Vaders moest lid worden en op zijn naam kon er gevlogen worden. Gelukkig was dat ook al het plan anders kon ik zonder lidmaatschap weer vertrekken. Maar vliegen onder de naam Willemsen en Zn kon dus niet. Pas als ik 16 jaar was. Zo gezegd, zo gedaan. Mijn vader financierde de postduivensport met zijn over uren. We scharrelden alles bij elkaar, duiven en hout voor een duivenhok.
Toen ik zelf ging verdienen heb ik de helft mee betaald en een aantal jaren daarna stopte pa en ben ik onder mijn eigen naam door gegaan. In die tijd zat ik in het bestuur van de fondclub NCC die later samen is gegaan met de VNC. Was een geweldige tijd, als bestuur (M. Dieperink, Ge van der Kemp, Jan te Pas, J.Gelink, B.Miggelbrink, P.Althoff, H.Eyerkamp, G.Eshuis en vader en zoon Van Melis, Theo en Marcel) gingen we na elke vlucht naar de overwinnaar met een taart om hem te feliciteren. Zodoende kwam ik op bezoek bij veel goed spelende liefhebbers en kreeg ook alle goede duiven in handen. Het hok wat mij nog steeds is bij gebleven, dus grote indruk op mij gemaakt had, was van Theo Wolters uit Beek. Sjonge sjonge wat had die man een prachtig hok met duiven. En dan heb ik het vooral over zijn duiven, veel blauwbanders en allen even mooi en zacht. Hij kon soms ook een hele serie vroege duiven draaien. Al met al bergen werk verzet voor het NCC. (Programmaboekje typen, computers kwamen later pas. Inkorfbescheiden verzamelen en klokstaten naar Jan Uien brengen voor het opmaken van de uitslag, meldpost, penningmeester etc)
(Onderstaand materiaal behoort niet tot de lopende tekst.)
Theorem mainTheorem6 (C : numClosedFieldType) (n : nat) (TB TE : finType)
  (HE : (0 < #|TE|)%N)
  (psi : bits n -> TB -> TE -> C)
  (Hsub : \sum_a \sum_b \sum_e psi a b e * (psi a b e)^* <= 1)
  (t : C) (Ht : 0 < t)
  (Hth : (\sum_x sqrtC (phase_prob psi x)) ^+ 2 <= t) :
  exists sigma : op C TE,
    is_state sigma /\
    psd (fun ae ae' => t / 2 ^+ n * @idA_tensor C (bits n) TE sigma ae ae'
                       - rhoAE psi ae ae').
Proof.
have scale_ge0 : 0 <= t / 2 ^+ n by rewrite divr_ge0 ?exprn_ge0 ?ltW.
have [S0|S_neq0] := eqVneq (phase_weight_sum psi) 0.
  (* then every block of rho_AE vanishes and any state will do *)
  case/card_gt0P: HE => e0 _; exists (basis_state C e0).
  split; first exact: basis_state_is_state.
  apply: psd_idA_tensor_sub_rhoAE => a w; apply: le_trans (qform_block_le psi a w) _.
  rewrite S0 mulr0 mul0r; apply: mulr_ge0 => //; exact: (basis_state_is_state C e0).1.
exists (sigmaE psi); split; first by split; [exact: sigmaE_psd | exact: trace_sigmaE].
apply: psd_idA_tensor_sub_rhoAE => a w.
apply: le_trans (qform_block_le_sigmaE a w S_neq0) _.
rewrite ler_wpM2r //; first by apply: sigmaE_psd.
rewrite [X in _ <= X]mulrC; apply: ler_wpM2l; [exact: invexp2n_ge0 | exact Hth].
Qed.
(* (i) Let $\mathcal G$ be a complex Lie algebra with subalgebra $\mathcal H$ and bilinear form $(\cdot,\cdot)$ satisfying GR1–GR3. Then $(\alpha,\delta)=0$ for all $\alpha\in R$ and $\delta\in R^0$. (ii) Let $(\mathcal G,(\cdot,\cdot),\mathcal H)$ be a generalized reductive Lie algebra. Then $\delta\in R^0$ is isolated if and only if $\mathcal G_\delta\subseteq C_{\mathcal G}(\mathcal G_c)$, the centralizer of the core in $\mathcal G$.
   Context: (GR1) $(\cdot,\cdot)$ is symmetric, nondegenerate and invariant on $\mathcal G$. (GR2) $\mathcal H$ is a nontrivial finite-dimensional abelian subalgebra equal to its centralizer in $\mathcal G$, and $\mathrm{ad}(h)$ is diagonalizable for all $h\in\mathcal H$. Then $\mathcal G=\bigoplus_{\alpha\in\mathcal H^*}\mathcal G_\alpha$, $\mathcal G_\alpha=\{x:[h,x]=\alpha(h)x\ \forall h\in\mathcal H\}$, root system $R=\{\alpha:\mathcal G_\alpha\ne0\}$; the form is nondegenerate on $\mathcal H$; $t_\alpha\in\mathcal H$ with $(t_\alpha,h)=\alpha(h)$ for all $h$; $(\alpha,\beta):=(t_\alpha,t_\beta)$; $R^\times=\{\alpha\in R:(\alpha,\alpha)\ne0\}$, $R^0=\{\alpha\in R:(\alpha,\alpha)=0\}$. (GR3) for $\alpha\in R^\times$, $x\in\mathcal G_\alpha$, $\mathrm{ad}(x)$ is locally nilpotent on $\mathcal G$. (GR4) $R$ is discrete in $\mathcal H^*$. (GR5) $R^\times\ne\emptyset$. A generalized reductive Lie algebra is a triple satisfying GR1–GR5. The core $\mathcal G_c$ is the subalgebra generated by $\mathcal G_\alpha$, $\alpha\in R^\times$. A root $\delta\in R^0$ is isolated if $\delta+\alpha\notin R$ for every $\alpha\in R^\times$. *)

From HB Require Import structures.
From mathcomp Require Import all_boot all_order all_algebra.
From mathcomp Require Import reals complex.
From Stdlib Require Import ClassicalEpsilon.
Set Implicit Arguments. Unset Strict Implicit. Unset Printing Implicit Defensive.
Import Order.TTheory GRing.Theory Num.Theory.
Local Open Scope ring_scope.
Local Open Scope complex_scope.

Section LieDefs.
Variables (R : realType).
Local Notation C := (R[i]).
Variables (V : lmodType C) (br : V -> V -> V).
Lemma subprod_poly_sym n : subprod_poly n \is symmetric.
Proof.
apply/issymP => s; rewrite rmorph_prod /=.
rewrite [RHS](reindex_inj (imset_inj (@perm_inj _ s))).
apply: eq_big => [S|S _].
  rewrite imset_eq0 !eqEcard !subsetT !cardsT card_imset //; exact: perm_inj.
rewrite rmorphB rmorphXn rmorph1 rmorph_prod big_imset /=; last first.
  by move=> ? ? _ _; apply: perm_inj.
by congr (_ ^+ 2 - 1); apply: eq_bigr => i _; rewrite /msym mmapX mmap1U.
Qed.

Lemma subprod_poly_cat_root n (rs1 rs2 : seq R) (h : size (rs1 ++ rs2) == n) :
  (0 < size rs1)%N -> (0 < size rs2)%N -> (\prod_(z <- rs1) z) ^+ 2 = 1 ->
  (subprod_poly n).@[tnth (Tuple h)] = 0.
Proof.
move=> rs1_gt0 rs2_gt0 prod1; rewrite meval_subprod_poly; apply/eqP/prodf_eq0.
have size_n : (size rs1 + size rs2 = n)%N by rewrite -size_cat (eqP h).
have [lt0n ltpn] : (0 < n)%N /\ (n.-1 < n)%N by lia.
exists [set i : 'I_n | (i < size rs1)%N].
  apply/andP; split; first by apply/set0Pn; exists (Ordinal lt0n); rewrite inE.
  apply/negP => /eqP/setP/(_ (Ordinal ltpn)); rewrite !inE /=; lia.
rewrite subr_eq0; apply/eqP; rewrite -[RHS]prod1; congr (_ ^+ 2).
rewrite (big_nth 0) big_mkord (big_ord_widen n (nth 0 rs1)) -?size_n ?leq_addr //.
apply: eq_big => i; first by rewrite inE.
by rewrite inE => lt_i; rewrite (tnth_nth 0) /= nth_cat lt_i.
Qed.

(* Entry k is e_(k+1) of the roots of X^(m+1) + a_m X^m + ... + a_1 X + 1 written
   in the coefficients (Vieta): (-1)^(k+1) a_(m-k), where 'X_j stands for a_(j+1)
   and a_0 = 1. *)
Definition esym_coefs m : m.+1.-tuple {mpoly R[m]} :=
  [tuple (-1) ^+ k.+1 * (if unlift ord_max k is Some j then 'X_(rev_ord j) else 1)
   | k < m.+1].
(* Let $k\ge 2$, let $B_k$ be the automorphism group of the binary rooted tree $X^{[k]}$ and $G_k\le B_k$ the subgroup of automorphisms acting on the leaves $X^k$ by even permutations (so $G_k\cong\mathrm{Syl}_2(A_{2^k})$). An element $g\in G_k$ belongs to $G_k'$ if and only if the index of $g$ on $X^l$ is even for every $0\le l<k-1$, and moreover the number of active vertices of $g$ on level $X^{k-1}$ lying in the subtree rooted at $v_{11}$ is even and the number of those lying in the subtree rooted at $v_{12}$ is even.
   Context: $X=\{0,1\}$; $X^{[k]}$ is the binary rooted tree with levels $X^0,\dots,X^k$; $v_{11},v_{12}$ are the two vertices of level $1$. Each automorphism has at every vertex $v$ of level $<k$ a vertex permutation in $S_2$; $v$ is active if it is nontrivial. The index of $g$ on $X^l$ is the number of active vertices of $g$ in $X^l$. *)

From HB Require Import structures.
From mathcomp Require Import all_boot all_order all_fingroup.
Set Implicit Arguments. Unset Strict Implicit. Unset Printing Implicit Defensive.

(* The binary rooted tree X^[k], X = {0,1} encoded by bool (0 = false, 1 = true).
   A vertex of level l is a word of length l, i.e. an element of l.-tuple bool;
   the leaves X^k are the elements of k.-tuple bool.  The first letter of a
   word is the one read at the root, so v11 = [:: false], v12 = [:: true]. *)

Definition leaf (k : nat) := (k.-tuple bool)%type.
(* For every $\ell\ge2$, $E_\ell\le\max\Big\{\frac1\ell\sum_{i=0}^{\ell-1}\log_\ell D_i : \{D_i\}_{i=0}^{\ell-1}\in\mathcal{V}^{(\ell)}_{LP}\Big\}$, where $\mathcal{V}^{(\ell)}_{LP}$ is the set of all $\ell$-dimensions LP-valid sequences.
   Context: A kernel of dimension $\ell$ is a bijection $g:\{0,1\}^\ell\to\{0,1\}^\ell$. ${\bf a}\bullet{\bf b}$ denotes concatenation, $d_H$ Hamming distance. Partial distances: $D_{min}^{(i)}=\min\{d_H(g({\bf w}\bullet 0\bullet{\bf u}),g({\bf w}\bullet 1\bullet {\bf v})) : {\bf w}\in\{0,1\}^i,\ {\bf u},{\bf v}\in\{0,1\}^{\ell-i-1}\}$; exponent $E(g)=\frac1\ell\sum_{i=0}^{\ell-1}\log_\ell D_{min}^{(i)}$; $E_\ell=\max_g E(g)$ over all kernels of dimension $\ell$. Let $d(n,k)$ be the largest possible minimum distance of a binary code of length $n$ with $2^k$ codewords, and $P_i(x)=\sum_{m=0}^{i}(-1)^m\binom{x}{m}\binom{\ell-x}{i-m}$. A sequence $\{D_i\}_{i=0}^{\ell-1}$ of non-negative integers, monotone non-decreasing with $D_i\le d(\ell,\ell-i)$, is an $\ell$-dimensions LP-valid sequence if there exist non-negative reals $\bar B_i^{(k)}$ ($k\in\{0,\dots,\ell-1\}$, $D_k\le i\le\ell$) with: (a) $\sum_{i=D_{\ell-r}}^{\ell}\bar B_i^{(\ell-r)}=2^r-1$ for $r\in\{1,\dots,\ell\}$; (b) $\bar B_i^{(\ell-r)}\ge\bar B_i^{(\ell-r+1)}$ for $r\in\{1,\dots,\ell-1\}$, $D_{\ell-r+1}\le i\le\ell$; (c) $\sum_{j=D_{\ell-r}}^{\ell}\bar B_j^{(\ell-r)}P_i(j)\ge-\binom{\ell}{i}$ for $i\in\{0,\dots,\ell\}$, $r\in\{1,\dots,\ell\}$. *)

From Stdlib Require Import Reals.
From mathcomp Require Import all_boot.

Set Implicit Arguments. Unset Strict Implicit. Unset Printing Implicit Defensive.

(* binary vectors of length l; coordinate j is position j (0-based), so
   x = w . b . u with |w| = i means x i = b and x j = w_j for j < i *)
Definition bv (l : nat) := {ffun 'I_l -> bool}.

Definition dH (l : nat) (x y : bv l) : nat := #|[pred j : 'I_l | x j != y j]|.

Definition kernel (l : nat) (g : bv l -> bv l) : Prop := bijective g.

(* x = w.0.u and y = w.1.v for some w of length i *)
Definition split_at (l i : nat) (x y : bv l) : bool :=
  [forall j : 'I_l, ((j < i) ==> (x j == y j)) &&
                    ((nat_of_ord j == i) ==> (~~ x j && y j))].

(* partial distance D_min^{(i)} (a minimum of Hamming distances, all <= l,
   over a nonempty set when i < l; the default value l is thus harmless) *)
Definition Dmin (l : nat) (g : bv l -> bv l) (i : nat) : nat :=
  \big[minn/l]_(x : bv l) \big[minn/l]_(y : bv l | split_at i x y) dH (g x) (g y).

Definition logb (l : nat) (x : R) : R := Rdiv (ln x) (ln (INR l)).

Definition seq_exponent (l : nat) (D : nat -> nat) : R :=
  Rmult (Rinv (INR l)) (\big[Rplus/R0]_(i < l) logb l (INR (D i))).

Definition exponent (l : nat) (g : bv l -> bv l) : R := seq_exponent l (Dmin g).

(* minimum distance of a code (used only for codes with >= 2 words) *)
Definition min_dist (n : nat) (C : {set bv n}) : nat :=
  \big[minn/n]_(x in C) \big[minn/n]_(y in C | y != x) dH x y.

Definition dcode (n k : nat) : nat :=
  \max_(C : {set bv n} | #|C| == 2 ^ k) min_dist C.

Definition kraw (l i x : nat) : R :=
  \big[Rplus/R0]_(m < i.+1)
     Rmult (Rmult (pow (-1) m) (INR 'C(x, m))) (INR 'C(l - x, i - m)).

(* l-dimensions LP-valid sequence {D_i}_{i=0}^{l-1} (values of D at i >= l
   are irrelevant) *)
Definition LP_valid (l : nat) (D : nat -> nat) : Prop :=
  (forall i, i.+1 < l -> D i <= D i.+1) /\
  (forall i, i < l -> D i <= dcode l (l - i)) /\
  exists B : nat -> nat -> R,
    (forall k i, k < l -> D k <= i <= l -> Rle R0 (B k i)) /\
    (* (a) *)
    (forall r, 1 <= r <= l ->
       \big[Rplus/R0]_(D (l - r) <= i < l.+1) B (l - r) i
       = Rminus (pow 2 r) R1) /\
    (* (b) *)
    (forall r i, 1 <= r <= l - 1 -> D (l - r + 1) <= i <= l ->
       Rge (B (l - r) i) (B (l - r + 1) i)) /\
    (* (c) *)
    (forall i r, i <= l -> 1 <= r <= l ->
       Rge (\big[Rplus/R0]_(D (l - r) <= j < l.+1) Rmult (B (l - r) j) (kraw l i j))
           (Ropp (INR 'C(l, i)))).

(* Sort the coordinates by partial distance, D'_0 <= ... <= D'_(l-1); this only
   permutes the summands of the exponent.  Two distinct inputs that agree on the
   first k sorted coordinates first differ at a coordinate of rank >= k, hence
   their images are at distance >= D'_k.  So g maps each coset of these k
   coordinates to a code with 2^(l-k) words and minimum distance >= D'_k, which
   gives D'_k <= d(l, l-k).  Averaging the distance distributions of these codes
   over the cosets yields coefficients satisfying (a) by counting pairs, (b)
   because the cosets refine as k grows, and (c) by Delsarte's argument: the
   Krawtchouk polynomial expands in Walsh characters, which turns each sum in (c)
   into a sum of squares. *)

From Stdlib Require Import Reals.
From mathcomp Require Import all_boot all_algebra.
From mathcomp Require Import Rstruct.

Set Implicit Arguments. Unset Strict Implicit. Unset Printing Implicit Defensive.

Import GRing.Theory Num.Theory.
Lemma surj_iota_to_I_bij :
  exists f : surj_iota_to_I -> {a : face P | a \in top1faces P}, bijective f.
Proof.
have top_of (H : surj_iota_to_I) : {a | (a \in top1faces P) && (sval H a == Ia)}.
  case: H => h [h_iota h_onto] /=; apply: sigW; have [p hp] := h_onto Ia.
  exact: (iota_top_exists h_iota hp).
exists (fun H => exist _ (val (top_of H)) (proj1 (andP (valP (top_of H))))).
exists (fun t : {a | a \in top1faces P} =>
          exist _ (iota_below (val t)) (iota_below_onto (top1_dim (valP t)))).
- case=> h [h_iota h_onto]; apply: subset_eq_compat => /=.
  case: (top_of _) => a /= /andP[a_top /eqP ha].
  apply/ffunP => p; rewrite ffunE (iota_mapE h_iota p); apply: cut_map_ext => x x0.
  by rewrite (iota_cut_top h_iota a_top ha x0).
- case=> a a_top; apply: val_inj => /=.
  case: (top_of _) => a' /= /andP[a'_top /eqP ha'].
  have [below_iota _] := iota_below_onto (top1_dim a_top).
  apply: (iota_top_unique below_iota a'_top a_top ha').
  by rewrite ffunE cut_map_below_edge ?top1_dim.
Qed.

End Cardinal.
End Hypergraph.

Theorem mainTheorem6 (P : hgraph) (HP : is_pos_opetope P) :
  exists f : {h : {ffun face P -> face Ihg} |
                is_iota_map h /\ (forall y : face Ihg, exists x, h x = y)} ->
             {a : face P | a \in top1faces P},
    bijective f.
Proof.
have [[hgP [_ [globP [irr total disj [gam_chain del_chain]]]]] _] := HP.
exact: surj_iota_to_I_bij.
Qed.
Lemma ksle_dmor_le (a b : X) : ksle (dmor X HX a) (dmor X HX b) -> le a b.
Proof.
  intros [phi [_ [E _]]].
  specialize (E (exist (fun u => le u a) a (le_refl HX a))). simpl in E.
  apply (orth_inj X HX) in E. rewrite E. apply (meet_le_l X HX).
Qed.

Lemma kseq_dmor_eq (a b : X) : kseq (dmor X HX a) (dmor X HX b) -> a = b.
Proof.
  intros E. apply (le_antisym X HX); apply ksle_dmor_le;
    [exact (kseq_ksle_l _ _ E) | exact (kseq_ksle_r (down_OML b) _ _ E)].
Qed.

Lemma dagger_kernel_kseq_dmor {K : OMLd} (m : mor K X) :
  isDaggerKernel m -> exists a : X, kseq m (dmor X HX a).
Proof.
  intros [HK [_ [Y [HY [f [Hf Km]]]]]]. exists (mu f (top Y)).
  exact (kernel_unique HK (down_OML _) f _ _ Km (dmor_kernel HY f _ Hf eq_refl)).
Qed.

Lemma kseq_dmor (a b : X) : a = b -> kseq (dmor X HX a) (dmor X HX b).
Proof. intros <-. apply (kseq_refl (down_OML a)). Qed.

End Downsets.

Lemma kerm_dag_dmor (X : OMLd) (HX : isOML X) (a : X) :
  kseq (kerm HX (dag (dmor X HX a))) (dmor X HX (orth a)).
Proof. apply kseq_dmor. reflexivity. Qed.

Lemma exim_dmor (X Y : OMLd) (HX : isOML X) (HY : isOML Y) (f : mor X Y) (a : X) :
  kseq (exim HY f (dmor X HX a)) (dmor Y HY (orth (ms f a))).
Proof. apply kseq_dmor. simpl. rewrite (orth_inv X HX). reflexivity. Qed.

Lemma preim_dmor (X Y : OMLd) (HX : isOML X) (HY : isOML Y) (f : mor X Y) (b : Y) :
  kseq (preim HX HY f (dmor Y HY b)) (dmor X HX (mu f (orth b))).
Proof. apply kseq_dmor. simpl. rewrite (orth_inv Y HY). reflexivity. Qed.

Theorem mainTheorem7 (X : OMLd) (HX : isOML X) :
  (forall a : X, isDaggerKernel (dmor X HX a)) /\
  (forall a b : X, le a b <-> ksle (dmor X HX a) (dmor X HX b)) /\
  (forall a b : X, kseq (dmor X HX a) (dmor X HX b) -> a = b) /\
  (forall (K : OMLd) (m : mor K X), isDaggerKernel m ->
     exists a : X, kseq m (dmor X HX a)) /\
  (forall a : X, kseq (kerm HX (dag (dmor X HX a))) (dmor X HX (orth a))) /\
  (forall (Y : OMLd) (HY : isOML Y) (f : mor X Y), isMor f ->
     (forall a : X,
        kseq (exim HY f (dmor X HX a)) (dmor Y HY (orth (ms f a)))) /\
     (forall b : Y,
        kseq (preim HX HY f (dmor Y HY b)) (dmor X HX (mu f (orth b))))).
Proof.
  split; [exact (dmor_dagger_kernel X HX)|].
  split; [intros a b; split; [apply le_ksle_dmor | apply ksle_dmor_le]|].
  split; [exact (kseq_dmor_eq X HX)|].
  split; [exact (@dagger_kernel_kseq_dmor X HX)|].
  split; [exact (kerm_dag_dmor X HX)|].
  intros Y HY f _. split; [exact (exim_dmor X Y HX HY f) | exact (preim_dmor X Y HX HY f)].
Qed.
Daarnaast zat ik in het bestuur van de duivenvereniging in Neede en later in Lochem. Maar als bestuurslid kun je ook naar de Kring en Afdelingsvergaderingen gaan. Ik ben een paar keer mee geweest naar een Kringvergadering en wat ik daar mee maakte heeft mij doen besluiten om er nooit meer heen te gaan. Een goed spelende liefhebber uit Winterswijk liep wel tich keer naar de microfoon en was alleen maar in zijn eigen belang aan het praten. Het leek wel dat diegene die het hardst zeurde het meeste kreeg. Alleen maar eigen belang. Wat een puinhoop en dus niet aan mij besteed.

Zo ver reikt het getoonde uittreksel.